I grew up in the Research Triangle Park in NC during the '80s. All you had to do to get a $30K job there was go to a local college, all of which were cheap, esp. public ones. By cheap I mean like $450 per semester tuition. Thirty grand was a lot of dough. $50K was the grail--you were rich at that level.

But jerkoffs like Jack Welch got really rich trading away the manufacturing capacity of GE--overseas--and replacing it with credit cards. That's when it all started going to shit. I saw my first "Baby on Board" sticker in a vehicle in 1986. It made me ill, this ego-ization of the culture. It was top to bottom in the culture too.

Now what do we have now that the country produces virtually no new wealth? A swirling toilet bowl in which dumbed-down pirana tear each other apart competing over turds before they vanish down the pipe forever, that's what. Everything from education to pills is vastly overpriced because it's paid for with credit. The debt agreement from the sale is packaged and sold. And then re-packaged and re-sold, with parasites taking their cut at each stage, never creating or producing anything (except fraud). It's a Ponzi scheme.

It's also a house of mirrors. Dissent is ridiculed by a culture that produces pure shit in the way of literature, art, film... I watched Easy Rider the other night. The idea that a film like that could be produced now is beyond laughable; the sheep are watching retard TV or jerking off to Facebook, oblivious to their own brainwashed pliability. It's gotta be that way; too many inquisitive souls makes for a quick game of credit Jenga.

The plant where I used to desgn circuits for motors had 300 people. It's a fucking police station now. How fitting: real jobs are replaced by dumb cops who guard protect the Ponzi's top echelon from disenfranchised workers with real skill.

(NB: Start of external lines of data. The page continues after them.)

(* For every $d\ge1$ and all nonnegative integers $k_1,\dots,k_d$, \[ \lim_{n\to\infty}\mathbb E\Bigl(\prod_{i=1}^d \bigl(X[n,i]\bigr)_{k_i}\Bigr)=1 . \]
   Context: Uniform random recursive tree: start at step $0$ with the tree $T_0$ consisting of the single vertex $0$ (the root). At step $n\ge1$, a vertex is chosen uniformly at random among the existing vertices $0,1,\dots,n-1$, independently of the past, and a new vertex $n$ is added and joined by an edge to the chosen vertex; $T_n$ is the resulting tree on vertices $0,\dots,n$. $\deg_n(i)$ is the degree of vertex $i$ in $T_n$, $L_n(1)$ is the set of neighbours of the root $0$ in $T_n$, and $X[n,d]=|\{i\in L_n(1):\deg_n(i)=d\}|$. For real $a$ and integer $k\ge0$, the falling factorial is $(a)_0=1$ and $(a)_k=a(a-1)\cdots(a-k+1)$ for $k\ge1$. *)

From Stdlib Require Import Reals List Arith.
Import ListNotations.
Open Scope R_scope.

(* A history of the uniform random recursive tree up to step n is encoded by
   the list s = [c_1; ...; c_n] of chosen parents, c_j in {0,...,j-1};
   vertex j (1 <= j <= n) is joined to vertex c_j = nth (j-1) s 0. *)

(* All admissible choice sequences of length n (there are n! of them,
   each equally likely). *)
Fixpoint histories (n : nat) : list (list nat) :=
  match n with
  | O => [ [] ]
  | S m => flat_map (fun s => map (fun p => s ++ [p]) (seq 0 (S m))) (histories m)
  end.

Definition parent (s : list nat) (j : nat) : nat := nth (j - 1) s 0%nat.

Definition nonroot (n : nat) : list nat := seq 1 n.

Definition deg (n : nat) (s : list nat) (i : nat) : nat :=
  (length (filter (fun j => Nat.eqb (parent s j) i) (nonroot n))
   + (if Nat.eqb i 0 then 0 else 1))%nat.

Definition rootNbrs (n : nat) (s : list nat) : list nat :=
  filter (fun j => Nat.eqb (parent s j) 0) (nonroot n).

Definition X (n : nat) (s : list nat) (d : nat) : nat :=
  length (filter (fun i => Nat.eqb (deg n s i) d) (rootNbrs n s)).

Fixpoint ffact (a : R) (k : nat) : R :=
  match k with
  | O => 1
  | S k' => ffact a k' * (a - INR k')
  end.

Fixpoint prod1 (d : nat) (f : nat -> R) : R :=
  match d with
  | O => 1
  | S d' => prod1 d' f * f d
  end.

Definition sumR (l : list R) : R := fold_right Rplus 0 l.

Definition expect (n : nat) (f : list nat -> R) : R :=
  sumR (map f (histories n)) / INR (fact n).

(* Let F_n(k) = E[ prod_{i=1}^d (X[n,i])_{k_i} ].  Given T_n, vertex n+1
   attaches to the root with probability 1/(n+1) (a new root neighbour of
   degree 1), to a root neighbour of degree j with probability
   X[n,j]/(n+1) (that neighbour moves from degree j to j+1), and otherwise
   leaves the profile (X[n,i])_i unchanged.  The identities
   (a+1)_m = (a)_m + m (a)_{m-1} and a (a-1)_m = (a)_m (a-m) turn this into
     F_{n+1}(k) = F_n(k) + 1/(n+1) ( k_1 F_n(k - e_1)
                    + sum_j k_{j+1} F_n(k + e_j - e_{j+1}) - |k| F_n(k) ),
   where every other index vector on the right has smaller weight
   sum_i i k_i.  An averaging lemma (x_{n+1} = x_n + K/(n+1) (y_n - x_n)
   and y_n -> l imply x_n -> l) then gives F_n(k) -> 1 by induction on the
   weight. *)

From Stdlib Require Import Reals List Arith Lia Lra.
Import ListNotations.
Open Scope R_scope.

Lemma sumR_app (l1 l2 : list R) : sumR (l1 ++ l2) = sumR l1 + sumR l2.
Proof. induction l1 as [|a l1 IH]; simpl; [ring | rewrite IH; ring]. Qed.

Lemma sumR_map_flat_map {A B} (f : B -> R) (g : A -> list B) (l : list A) :
  sumR (map f (flat_map g l)) = sumR (map (fun x => sumR (map f (g x))) l).
Proof.
  induction l as [|a l IH]; simpl; auto.
  rewrite map_app, sumR_app, IH. reflexivity.
Qed.

Lemma sumR_scal {A} (c : R) (f : A -> R) (l : list A) :
  sumR (map (fun x => c * f x) l) = c * sumR (map f l).
Proof. induction l as [|a l IH]; simpl; [ring | rewrite IH; ring]. Qed.

Lemma sumR_plus {A} (f g : A -> R) (l : list A) :
  sumR (map (fun x => f x + g x) l) = sumR (map f l) + sumR (map g l).
Proof. induction l as [|a l IH]; simpl; [ring | rewrite IH; ring]. Qed.

Lemma sumR_minus {A} (f g : A -> R) (l : list A) :
  sumR (map (fun x => f x - g x) l) = sumR (map f l) - sumR (map g l).
Proof. induction l as [|a l IH]; simpl; [ring | rewrite IH; ring]. Qed.

Lemma sumR_ext_in {A} (f g : A -> R) (l : list A) :
  (forall x, In x l -> f x = g x) -> sumR (map f l) = sumR (map g l).
Proof. induction l as [|a l IH]; simpl; intros H; auto. rewrite H, IH; auto. Qed.

Lemma sumR_const {A} (c : R) (l : list A) :
  sumR (map (fun _ => c) l) = INR (length l) * c.
Proof.
  induction l as [|a l IH]; simpl length; [simpl; ring|].
  rewrite S_INR. simpl. rewrite IH. ring.
Qed.

Lemma sumR_if {A} (P : A -> bool) (a : A -> R) (b : R) (l : list A) :
  sumR (map (fun x => if P x then a x else b) l)
  = INR (length l) * b + sumR (map (fun x => a x - b) (filter P l)).
Proof.
  induction l as [|x l IH]; simpl length; [simpl; ring|].
  rewrite S_INR. simpl. destruct (P x); simpl; rewrite IH; ring.
Qed.

Lemma expect_ext n (f g : list nat -> R) :
  (forall s, In s (histories n) -> f s = g s) -> expect n f = expect n g.
Proof. intros H. unfold expect. rewrite (sumR_ext_in f g); auto. Qed.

There are record numbers of "smart" people now who can't think their way out of paper bag. When it all goes down the shitter, they'll burn the people who saw it coming at the stake for witchcraft.
Mar 12, 2013 at 2:04 AM | Registered CommenterCheyenne
"All you had to do to get a $30K job there was go to a local college, all of which were cheap, esp. public ones. By cheap I mean like $450 per semester tuition. Thirty grand was a lot of dough. $50K was the grail--you were rich at that level."
---

(You know I grew up about 3 counties NW of there, right?) Anyway... Exactly! My wife and I started watching Family Ties last night on Netflix (first episode 1982) -- all I could think of was how this family would be working their hippy ASSES off today trying to pay for that house and that Volvo (if they were lucky enough to have jobs). In the 1980s you could go to college, work fairly hard and live a nice, middle-class life. Nowadays it's an outright rat race just to be able to manage the local Radio Shack. And you get long, shitty hours. And no job security. And you either suck it up or ship out. I've seen many textile jobs come and go in my hometown (mostly go) since the late 80s. And people don't even know enough to be righteously pissed off about it.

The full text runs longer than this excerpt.